(Source data)

--*--

(* Fix $\epsilon,\phi\in\mathbb R$ with $|\phi|>1$ and $\epsilon\ne\phi$. For each $n$, let $(\nu_n,\mathbf y_n)$ be an eigenpair of $T_{n,\epsilon,\phi}$ with $\|\mathbf y_n\|_2=1$, and suppose $\nu_n\to\phi+\phi^{-1}$ as $n\to\infty$. Then: 1. Eventually, $\nu_n$ is an outlier of $T_{n,\epsilon,\phi}$, and there is a constant $c>0$ independent of $n$ such that eventually every eigenvalue $\lambda_n\ne\nu_n$ of $T_{n,\epsilon,\phi}$ satisfies $|\lambda_n-(\phi+\phi^{-1})|\ge c$. 2. $\|\mathbf y_n-P_{\mathbf w_n}\mathbf y_n\|_2\to0$ as $n\to\infty$, where $\mathbf w_n=[\phi^{-n+1},\ldots,\phi^{-1},1]^\top$.
   Context: For $n\ge2$ and real parameters $\epsilon,\phi$, $T_{n,\epsilon,\phi}$ is the real symmetric tridiagonal $n\times n$ matrix with diagonal entries $(\epsilon,0,\ldots,0,\phi)$ and all sub- and super-diagonal entries equal to $1$. An outlier is an eigenvalue not in $[-2,2]$. For $\mathbf u\in\mathbb R^n\setminus\{0\}$, $P_{\mathbf u}$ denotes the orthogonal projector onto $\mathrm{span}\{\mathbf u\}$: $P_{\mathbf u}\mathbf x=\frac{\mathbf x^\top\mathbf u}{\mathbf u^\top\mathbf u}\mathbf u$. *)

From HB Require Import structures.
From mathcomp Require Import all_boot all_order all_algebra.
From mathcomp Require Import all_classical all_reals all_analysis.
Set Implicit Arguments. Unset Strict Implicit. Unset Printing Implicit Defensive.
Import Order.TTheory GRing.Theory Num.Theory.
Local Open Scope ring_scope.

Section Defs.
Variable R : realType.

(* T_{n,eps,phi}: symmetric tridiagonal, diagonal (eps,0,...,0,phi),
   off-diagonals 1.  Meaningful for n >= 2. *)
Definition Tmat (n : nat) (eps phi : R) : 'M[R]_n :=
  \matrix_(i < n, j < n)
    if i == j then
      (if (i : nat) == 0%N then eps else if (i : nat) == n.-1 then phi else 0)
    else if ((i : nat) == j.+1) || ((j : nat) == i.+1) then 1 else 0.

Definition vnorm2 (n : nat) (v : 'cV[R]_n) : R :=
  Num.sqrt (\sum_(i < n) v i 0 ^+ 2).

Definition projspan (n : nat) (u x : 'cV[R]_n) : 'cV[R]_n :=
  ((x^T *m u) 0 0 / (u^T *m u) 0 0) *: u.

Definition wvec (n : nat) (phi : R) : 'cV[R]_n :=
  \col_(i < n) phi ^- (n.-1 - i)%N.

Definition outlier (n : nat) (A : 'M[R]_n) (x : R) : Prop :=
  eigenvalue A x /\ ~ (-2 <= x <= 2).

End Defs.

From HB Require Import structures.
From mathcomp Require Import all_boot all_order all_algebra.
From mathcomp Require Import all_classical all_reals all_analysis.
From mathcomp Require Import ring lra zify.
Import Order.TTheory GRing.Theory Num.Theory.
Import numFieldNormedType.Exports.
Set Implicit Arguments. Unset Strict Implicit. Unset Printing Implicit Defensive.
Local Open Scope classical_set_scope.
Local Open Scope ring_scope.

(* Write lam0 = phi + phi^-1, r = |phi|^-1 < 1 and d = mu - lam0. The
   coordinates of an eigenvector of T_n for mu solve x_(k-1) + x_(k+1) = mu x_k
   with the boundary row eps x_0 + x_1 = mu x_0. Splitting x into its
   components along the growing mode phi^k and the decaying mode phi^-k, both
   obey contractive recursions with ratio r forced by O(|d|) terms; the
   boundary row with eps <> phi forces x_0 = O(r^n + |d|), and therefore x is
   l^2-close, up to O(r^n + |d|), to a multiple of w_n (recurrence_localization).

   Uniformly in n large, unit
   eigenvectors with eigenvalue near lam0 are then close to span{w_n}
   (localization_eventually). The theorem follows: nu_n is an outlier since
   |lam0| > 2; a second eigenvalue near lam0 would produce two orthonormal
   vectors close to the same line; and y_n is close to span{w_n}. *)

Section GeometricRecurrences.
Variable R : realFieldType.
Implicit Types (r u v : R) (a b : nat -> R).

Lemma sqr_le_contract r u v (b : R) : 0 <= r -> r < 1 ->
  `|u| <= r * `|v| + `|b| -> u ^+ 2 <= r * v ^+ 2 + b ^+ 2 / (1 - r).
Proof.
move=> r0 r1 h; rewrite -(real_normK (num_real u)) -(real_normK (num_real v)).
rewrite -(real_normK (num_real b)).
set p := `|v|; set q := `|b|; have p0 : 0 <= p := normr_ge0 v.
have q0 : 0 <= q := normr_ge0 b.
have hu : `|u| ^+ 2 <= (r * p + q) ^+ 2.
  by apply: lerXn2r; rewrite ?nnegrE ?addr_ge0 ?mulr_ge0.
apply: le_trans hu _; have s0 : 0 < 1 - r by lra.
rewrite -(ler_pM2r s0) mulrDl (mulrAC _ _ (1 - r)) mulfVK ?gt_eqF //.
have : 0 <= r * ((1 - r) * p - q) ^+ 2 by rewrite mulr_ge0 ?sqr_ge0.
nra.
Qed.

Lemma l2_forward r a b N : 0 <= r -> r < 1 ->
  (forall k, (k < N)%N -> `|a k.+1| <= r * `|a k| + `|b k|) ->
  (1 - r) * \sum_(k < N.+1) a k ^+ 2 <=
    a 0%N ^+ 2 + (\sum_(k < N) b k ^+ 2) / (1 - r).
Proof.
move=> r0 r1 h.
have hs : \sum_(k < N) a k.+1 ^+ 2 <=
          r * \sum_(k < N) a k ^+ 2 + (\sum_(k < N) b k ^+ 2) / (1 - r).
  rewrite mulr_sumr mulr_suml -big_split /=.
  by apply: ler_sum => k _; apply: sqr_le_contract => //; apply: h.
have hlast : \sum_(k < N) a k ^+ 2 <= \sum_(k < N.+1) a k ^+ 2.
  by rewrite [X in _ <= X]big_ord_recr /= lerDl sqr_ge0.
have hfirst : \sum_(k < N.+1) a k ^+ 2 = a 0%N ^+ 2 + \sum_(k < N) a k.+1 ^+ 2.
  by rewrite big_ord_recl.
rewrite hfirst in hlast *.
have : 0 <= \sum_(k < N) a k ^+ 2 by rewrite sumr_ge0 // => k _; rewrite sqr_ge0.
nra.
Qed.

(* The same bound for a backward recursion, controlled by the last term;
   it is the forward bound for the reversed sequences. *)
Lemma l2_backward r a b N : 0 <= r -> r < 1 ->
  (forall k, (k < N)%N -> `|a k| <= r * `|a k.+1| + `|b k|) ->
  (1 - r) * \sum_(k < N.+1) a k ^+ 2 <=
    a N ^+ 2 + (\sum_(k < N) b k ^+ 2) / (1 - r).
Proof.
move=> r0 r1 h.
have rev (f : nat -> R) n :
    \sum_(k < n) f k = \sum_(k < n) f (n - k.+1)%N.
  by rewrite -(big_mkord xpredT) big_nat_rev add0n big_mkord.
have hrev k : (k < N)%N ->
    `|a (N.+1 - k.+2)%N| <= r * `|a (N.+1 - k.+1)%N| + `|b (N - k.+1)%N|.
  move=> hk; have -> : (N.+1 - k.+2 = N - k.+1)%N by lia.
  have -> : (N.+1 - k.+1 = (N - k.+1).+1)%N by lia.
  by apply: h; lia.
have := l2_forward (a := fun k => a (N.+1 - k.+1)%N) (b := fun k => b (N - k.+1)%N)
  r0 r1 hrev.
rewrite /= subSS subn0.
by rewrite (rev (fun k => a k ^+ 2)) (rev (fun k => b k ^+ 2)).
Qed.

--*--

What is required => Your reply should hold all the entries, each repeated without a single change.

Answer area =>
(* Fix $\epsilon,\phi\in\mathbb R$ with $|\phi|>1$ and $\epsilon\ne\phi$. For each $n$, let $(\nu_n,\mathbf y_n)$ be an eigenpair of $T_{n,\epsilon,\phi}$ with $\|\mathbf y_n\|_2=1$, and suppose $\nu_n\to\phi+\phi^{-1}$ as $n\to\infty$. Then: 1. Eventually, $\nu_n$ is an outlier of $T_{n,\epsilon,\phi}$, and there is a constant $c>0$ independent of $n$ such that eventually every eigenvalue $\lambda_n\ne\nu_n$ of $T_{n,\epsilon,\phi}$ satisfies $|\lambda_n-(\phi+\phi^{-1})|\ge c$. 2. $\|\mathbf y_n-P_{\mathbf w_n}\mathbf y_n\|_2\to0$ as $n\to\infty$, where $\mathbf w_n=[\phi^{-n+1},\ldots,\phi^{-1},1]^\top$.
   Context: For $n\ge2$ and real parameters $\epsilon,\phi$, $T_{n,\epsilon,\phi}$ is the real symmetric tridiagonal $n\times n$ matrix with diagonal entries $(\epsilon,0,\ldots,0,\phi)$ and all sub- and super-diagonal entries equal to $1$. An outlier is an eigenvalue not in $[-2,2]$. For $\mathbf u\in\mathbb R^n\setminus\{0\}$, $P_{\mathbf u}$ denotes the orthogonal projector onto $\mathrm{span}\{\mathbf u\}$: $P_{\mathbf u}\mathbf x=\frac{\mathbf x^\top\mathbf u}{\mathbf u^\top\mathbf u}\mathbf u$. *)

From HB Require Import structures.
From mathcomp Require Import all_boot all_order all_algebra.
From mathcomp Require Import all_classical all_reals all_analysis.
Set Implicit Arguments. Unset Strict Implicit. Unset Printing Implicit Defensive.
Import Order.TTheory GRing.Theory Num.Theory.
Local Open Scope ring_scope.

Section Defs.
Variable R : realType.

(* T_{n,eps,phi}: symmetric tridiagonal, diagonal (eps,0,...,0,phi),
   off-diagonals 1.  Meaningful for n >= 2. *)
Definition Tmat (n : nat) (eps phi : R) : 'M[R]_n :=
  \matrix_(i < n, j < n)
    if i == j then
      (if (i : nat) == 0%N then eps else if (i : nat) == n.-1 then phi else 0)
    else if ((i : nat) == j.+1) || ((j : nat) == i.+1) then 1 else 0.

Definition vnorm2 (n : nat) (v : 'cV[R]_n) : R :=
  Num.sqrt (\sum_(i < n) v i 0 ^+ 2).

Definition projspan (n : nat) (u x : 'cV[R]_n) : 'cV[R]_n :=
  ((x^T *m u) 0 0 / (u^T *m u) 0 0) *: u.

Definition wvec (n : nat) (phi : R) : 'cV[R]_n :=
  \col_(i < n) phi ^- (n.-1 - i)%N.

Definition outlier (n : nat) (A : 'M[R]_n) (x : R) : Prop :=
  eigenvalue A x /\ ~ (-2 <= x <= 2).

End Defs.

From HB Require Import structures.
From mathcomp Require Import all_boot all_order all_algebra.
From mathcomp Require Import all_classical all_reals all_analysis.
From mathcomp Require Import ring lra zify.
Import Order.TTheory GRing.Theory Num.Theory.
Import numFieldNormedType.Exports.
Set Implicit Arguments. Unset Strict Implicit. Unset Printing Implicit Defensive.
Local Open Scope classical_set_scope.
Local Open Scope ring_scope.

(* Write lam0 = phi + phi^-1, r = |phi|^-1 < 1 and d = mu - lam0. The
   coordinates of an eigenvector of T_n for mu solve x_(k-1) + x_(k+1) = mu x_k
   with the boundary row eps x_0 + x_1 = mu x_0. Splitting x into its
   components along the growing mode phi^k and the decaying mode phi^-k, both
   obey contractive recursions with ratio r forced by O(|d|) terms; the
   boundary row with eps <> phi forces x_0 = O(r^n + |d|), and therefore x is
   l^2-close, up to O(r^n + |d|), to a multiple of w_n (recurrence_localization).

   Uniformly in n large, unit
   eigenvectors with eigenvalue near lam0 are then close to span{w_n}
   (localization_eventually). The theorem follows: nu_n is an outlier since
   |lam0| > 2; a second eigenvalue near lam0 would produce two orthonormal
   vectors close to the same line; and y_n is close to span{w_n}. *)

Section GeometricRecurrences.
Variable R : realFieldType.
Implicit Types (r u v : R) (a b : nat -> R).

Lemma sqr_le_contract r u v (b : R) : 0 <= r -> r < 1 ->
  `|u| <= r * `|v| + `|b| -> u ^+ 2 <= r * v ^+ 2 + b ^+ 2 / (1 - r).
Proof.
move=> r0 r1 h; rewrite -(real_normK (num_real u)) -(real_normK (num_real v)).
rewrite -(real_normK (num_real b)).
set p := `|v|; set q := `|b|; have p0 : 0 <= p := normr_ge0 v.
have q0 : 0 <= q := normr_ge0 b.
have hu : `|u| ^+ 2 <= (r * p + q) ^+ 2.
  by apply: lerXn2r; rewrite ?nnegrE ?addr_ge0 ?mulr_ge0.
apply: le_trans hu _; have s0 : 0 < 1 - r by lra.
rewrite -(ler_pM2r s0) mulrDl (mulrAC _ _ (1 - r)) mulfVK ?gt_eqF //.
have : 0 <= r * ((1 - r) * p - q) ^+ 2 by rewrite mulr_ge0 ?sqr_ge0.
nra.
Qed.

Lemma l2_forward r a b N : 0 <= r -> r < 1 ->
  (forall k, (k < N)%N -> `|a k.+1| <= r * `|a k| + `|b k|) ->
  (1 - r) * \sum_(k < N.+1) a k ^+ 2 <=
    a 0%N ^+ 2 + (\sum_(k < N) b k ^+ 2) / (1 - r).
Proof.
move=> r0 r1 h.
have hs : \sum_(k < N) a k.+1 ^+ 2 <=
          r * \sum_(k < N) a k ^+ 2 + (\sum_(k < N) b k ^+ 2) / (1 - r).
  rewrite mulr_sumr mulr_suml -big_split /=.
  by apply: ler_sum => k _; apply: sqr_le_contract => //; apply: h.
have hlast : \sum_(k < N) a k ^+ 2 <= \sum_(k < N.+1) a k ^+ 2.
  by rewrite [X in _ <= X]big_ord_recr /= lerDl sqr_ge0.
have hfirst : \sum_(k < N.+1) a k ^+ 2 = a 0%N ^+ 2 + \sum_(k < N) a k.+1 ^+ 2.
  by rewrite big_ord_recl.
rewrite hfirst in hlast *.
have : 0 <= \sum_(k < N) a k ^+ 2 by rewrite sumr_ge0 // => k _; rewrite sqr_ge0.
nra.
Qed.

(* The same bound for a backward recursion, controlled by the last term;
   it is the forward bound for the reversed sequences. *)
Lemma l2_backward r a b N : 0 <= r -> r < 1 ->
  (forall k, (k < N)%N -> `|a k| <= r * `|a k.+1| + `|b k|) ->
  (1 - r) * \sum_(k < N.+1) a k ^+ 2 <=
    a N ^+ 2 + (\sum_(k < N) b k ^+ 2) / (1 - r).
Proof.
move=> r0 r1 h.
have rev (f : nat -> R) n :
    \sum_(k < n) f k = \sum_(k < n) f (n - k.+1)%N.
  by rewrite -(big_mkord xpredT) big_nat_rev add0n big_mkord.
have hrev k : (k < N)%N ->
    `|a (N.+1 - k.+2)%N| <= r * `|a (N.+1 - k.+1)%N| + `|b (N - k.+1)%N|.
  move=> hk; have -> : (N.+1 - k.+2 = N - k.+1)%N by lia.
  have -> : (N.+1 - k.+1 = (N - k.+1).+1)%N by lia.
  by apply: h; lia.
have := l2_forward (a := fun k => a (N.+1 - k.+1)%N) (b := fun k => b (N - k.+1)%N)
  r0 r1 hrev.
rewrite /= subSS subn0.
by rewrite (rev (fun k => a k ^+ 2)) (rev (fun k => b k ^+ 2)).
Qed.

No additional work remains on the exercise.